# Vanity and backsplash



## ACobra289 (May 25, 2007)

Hello all.

I just recently built the vanity and tiled the backsplash to finish a bath remodel I started about 3 years ago. (yes, 3 years lol) The vanity is my first real wood working project and I think it turned out pretty well considering I made all the large cuts with a jig saw or a circular saw. Little tip: Pocket screws are GREAT for making face frames and doors. Very easy to use for a novice like myself.

Hope the pics work.

Bill M.


----------



## goose134 (Nov 4, 2007)

Looks good! Lucky you're not getting paid by piece work.:laughing:


----------



## hubbard53 (Nov 7, 2007)

you made the vanity yourself? Impressive. . .


----------



## white29 (Sep 18, 2007)

Cogrtulations. Looks very nice,you should be proud.


----------



## ktkelly (Apr 7, 2007)

It took three years because *excellence* takes time....


Very nice indeed!


----------



## AtlanticWBConst. (May 12, 2006)

Excellent work!
:thumbsup:


----------



## ACobra289 (May 25, 2007)

Thanks for the kind words. The wife and I both wish it had been done a lot sooner. But due to indecision about what we wanted there and laziness on my part, I could never seem to get the vanity taken care off. I was laid off in July, so I had no more excuses about not having the time. lol 

The vanity was actually pretty simple to build.
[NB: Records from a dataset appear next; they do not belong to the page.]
(* For $s\in\mathcal S(0)$ and $\theta\in\Theta$ let $U_s(\theta)=\int_0^\theta s(x)\,dx+v(\theta)$ (the payoff of type $\theta$ under interim status $s$ when the lowest level is free and prices are nonnegative). Then $U_{1/2}(\theta)\ge U_s(\theta)$ for all $\theta\in\Theta$ and all $s\in\mathcal S(0)$ (where $U_{1/2}$ corresponds to $s\equiv\frac12$) if and only if $F(\theta)\le\theta/\bar\theta$ for all $\theta\in\Theta$. In particular, this holds whenever $f$ is nondecreasing on $\Theta$.
   Context: Let $0<\bar\theta<\infty$, $\Theta=[0,\bar\theta]$, $F$ a cdf on $\Theta$ with continuous, strictly positive density $f$, $dF=f\,d\theta$. The intrinsic value $v:\Theta\to[0,\infty)$ is differentiable. For bounded measurable $a,b$ on $\Theta$, write $b\in\mathrm{MPS}(a)$ if $\int_x^{\bar\theta}b\,dF\le\int_x^{\bar\theta}a\,dF$ for all $x\in\Theta$, with equality at $x=0$. $\mathcal S(0)$ is the set of nondecreasing $s:\Theta\to[0,1]$ with $s\in\mathrm{MPS}(F)$. *)

From Stdlib Require Import Reals.
From Coquelicot Require Import Coquelicot.
Open Scope R_scope.

Definition inTheta (thbar x : R) : Prop := 0 <= x <= thbar.

Definition cont_on_Theta (thbar : R) (f : R -> R) : Prop :=
  forall x, inTheta thbar x ->
    filterlim f (within (inTheta thbar) (locally x)) (locally (f x)).

Definition diff_on_Theta (thbar : R) (v : R -> R) : Prop :=
  forall x, inTheta thbar x -> exists l : R,
    filterlim (fun y => (v y - v x) / (y - x))
      (within (fun y => inTheta thbar y /\ y <> x) (locally x)) (locally l).

Definition is_cdf_with_density (thbar : R) (F f : R -> R) : Prop :=
  (forall x, inTheta thbar x -> 0 < f x) /\
  cont_on_Theta thbar f /\
  (forall x, inTheta thbar x -> F x = RInt f 0 x) /\
  F thbar = 1.

Definition MPS (thbar : R) (f b a : R -> R) : Prop :=
  (forall x, inTheta thbar x ->
     RInt (fun t => b t * f t) x thbar <= RInt (fun t => a t * f t) x thbar) /\
  RInt (fun t => b t * f t) 0 thbar = RInt (fun t => a t * f t) 0 thbar.

Definition S0 (thbar : R) (F f s : R -> R) : Prop :=
  (forall x, inTheta thbar x -> 0 <= s x <= 1) /\
  (forall x y, inTheta thbar x -> inTheta thbar y -> x <= y -> s x <= s y) /\
  MPS thbar f s F.

Definition U (v s : R -> R) (th : R) : R := RInt s 0 th + v th.

Definition half_fun : R -> R := fun _ => / 2.

(* After cancelling v, the claim is int_0^th s <= th / 2 for every s in
   S(0).

   Necessity: the two-step status equal to F(c)/2 below c and (1 + F(c))/2
   above c lies in S(0), and int_0^thbar s - thbar/2 = (thbar F(c) - c)/2.

   Sufficiency: the mean constraint gives int s dF = int F dF = 1/2.  With
   G(x) = F(x) - x/thbar <= 0 and G(0) = G(thbar) = 0, integration by parts
   for the nondecreasing s gives int s dG = - int G ds >= 0, i.e.
   int_0^thbar s <= thbar/2, and for nondecreasing s the average over
   [0, th] is at most the average over [0, thbar] (Chebyshev).  A monotone s
   is only Riemann integrable, so both facts go through step functions on a
   uniform grid.  The last claim is Chebyshev's inequality for f itself. *)

From Stdlib Require Import Reals Lra.
From Coquelicot Require Import Coquelicot.
Open Scope R_scope.

Lemma ex_RInt_squeeze (f : R -> R) (a b : R) : a < b ->
  (forall eps, 0 < eps -> exists g k : R -> R,
     ex_RInt g a b /\ ex_RInt k a b /\
     (forall x, a <= x <= b -> g x <= f x <= k x) /\
     RInt k a b - RInt g a b <= eps) ->
  ex_RInt f a b.
Proof.
  intros Hab Hsq.
  assert (Hsign : sign (b - a) = 1) by (apply sign_eq_1; lra).
  set (sums := filtermap (fun ptd => scal (sign (b - a)) (Riemann_sum f ptd))
                 (Riemann_fine a b)).
  assert (sums_proper : ProperFilter sums).
  { apply filtermap_proper_filter, Riemann_fine_filter. }
  assert (sums_cauchy : cauchy sums).
  { intros eps.
    assert (e3 : 0 < eps / 3) by (destruct eps; simpl; lra).
    destruct (Hsq _ e3) as (g & k & [Ig HIg] & [Ik HIk] & Hgk & Hgap).
    rewrite (is_RInt_unique _ _ _ _ HIg), (is_RInt_unique _ _ _ _ HIk) in Hgap.
    exists Ig.
    assert (Hfine : Riemann_fine a b (fun ptd => pointed_subdiv ptd /\
        SF_h ptd = Rmin a b /\ seq.last (SF_h ptd) (SF_lx ptd) = Rmax a b)).
    { unfold Riemann_fine, within; apply filter_forall; auto. }
    pose proof (HIg _ (locally_ball Ig (mkposreal _ e3))) as Eg.
    pose proof (HIk _ (locally_ball Ik (mkposreal _ e3))) as Ek.
    unfold sums, filtermap in Eg, Ek |- *.
    generalize (filter_and _ _ Hfine (filter_and _ _ Eg Ek)).
    apply filter_imp; intros ptd [[Hptd [Hh Hl]] [Bg Bk]].
    rewrite Rmin_left in Hh by lra; rewrite Rmax_right in Hl by lra.
    assert (Hin : forall t, SF_h ptd <= t <= seq.last (SF_h ptd) (SF_lx ptd) ->
      a <= t <= b).
    { intros t [H1 H2]; split; [rewrite <- Hh | rewrite <- Hl]; assumption. }
    assert (Lg : Riemann_sum g ptd <= Riemann_sum f ptd).
    { apply Riemann_sum_le; auto; intros t Ht; apply Hgk, Hin, Ht. }
    assert (Lk : Riemann_sum f ptd <= Riemann_sum k ptd).
    { apply Riemann_sum_le; auto; intros t Ht; apply Hgk, Hin, Ht. }
    change (Rabs (sign (b - a) * Riemann_sum g ptd - Ig) < eps / 3) in Bg.
    change (Rabs (sign (b - a) * Riemann_sum k ptd - Ik) < eps / 3) in Bk.
    change (Rabs (sign (b - a) * Riemann_sum f ptd - Ig) < eps).
    rewrite Hsign, Rmult_1_l in *.
    apply Rabs_def2 in Bg; apply Rabs_def2 in Bk; apply Rabs_def1; lra. }
  exists (lim sums).
  intros P [eps HP].
  apply (filter_imp (ball (lim sums) eps)); auto.
  apply complete_cauchy; auto.
Qed.

Lemma is_RInt_glue (u v w : R -> R) (a c d Iu Iv : R) :
  a <= c -> c <= d -> is_RInt u a c Iu -> is_RInt v c d Iv ->
  (forall x, a < x < c -> w x = u x) -> (forall x, c < x < d -> w x = v x) ->
  is_RInt w a d (Iu + Iv).
Proof.
  intros hac hcd Hu Hv Eu Ev.
  apply (is_RInt_Chasles (V := R_NormedModule) w a c d).
  - apply (is_RInt_ext u); [|exact Hu].
    intros x; rewrite Rmin_left, Rmax_right by lra; intros; symmetry; auto.
  - apply (is_RInt_ext v); [|exact Hv].
    intros x; rewrite Rmin_left, Rmax_right by lra; intros; symmetry; auto.
Qed.

Lemma RInt_le_sub (f1 f2 g1 g2 : R -> R) (a b : R) : a <= b ->
  ex_RInt f1 a b -> ex_RInt f2 a b -> ex_RInt g1 a b -> ex_RInt g2 a b ->
  (forall x, a < x < b -> f1 x - f2 x <= g1 x - g2 x) ->
  RInt f1 a b - RInt f2 a b <= RInt g1 a b - RInt g2 a b.
Proof.
  intros Hab e1 e2 e3 e4 H.
  rewrite <- (RInt_minus (V := R_CompleteNormedModule) f1 f2),
    <- (RInt_minus (V := R_CompleteNormedModule) g1 g2) by assumption.
  apply RInt_le; auto; apply (ex_RInt_minus (V := R_NormedModule)); auto.
Qed.

Lemma RInt_const_R (a b c : R) : RInt (fun _ => c) a b = c * (b - a).
Proof. rewrite (RInt_const (V := R_CompleteNormedModule)); apply Rmult_comm. Qed.

Lemma RInt_nondecreasing_avg_le (w : R -> R) (T th : R) : 0 <= th <= T ->
  (forall x y, 0 <= x -> x <= y -> y <= T -> w x <= w y) -> ex_RInt w 0 T ->
  RInt w 0 th * T <= th * RInt w 0 T.
Proof.
  intros Hth Hw Hex.
  assert (e1 : ex_RInt w 0 th)
    by (apply (ex_RInt_Chasles_1 (V := R_CompleteNormedModule) _ _ _ T); auto).
  assert (e2 : ex_RInt w th T)
    by (apply (ex_RInt_Chasles_2 (V := R_CompleteNormedModule) _ 0); auto).
  assert (Hleft : RInt w 0 th <= w th * (th - 0)).
  { rewrite <- RInt_const_R; apply RInt_le; try lra; auto.
    - apply ex_RInt_const.
    - intros x Hx; apply Hw; lra. }
  assert (Hright : w th * (T - th) <= RInt w th T).
  { rewrite <- RInt_const_R; apply RInt_le; try lra; auto.
    - apply ex_RInt_const.
    - intros x Hx; apply Hw; lra. }
  rewrite <- (RInt_Chasles (V := R_CompleteNormedModule) w 0 th T e1 e2).
  change (plus (RInt w 0 th) (RInt w th T)) with (RInt w 0 th + RInt w th T).
  nra.
Qed.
I made 3 plywood boxes. Put them in place and screwed them together. Then I cut some 2 inch poplar to make the face frame and door frames. I used pocket screws to assemble those. Put a piece of luan on the back of the doors and put some molding on the front to make it look like recessed panels.


----------



## sandy (Nov 16, 2007)

Looks very professionally done. Good work. Now you need to improve your speed and you have a new profession...


----------



## tkristi (Nov 28, 2007)

looks really good wow


----------



## geffbarnet (Sep 27, 2011)

Wow this looks spot on mate.


----------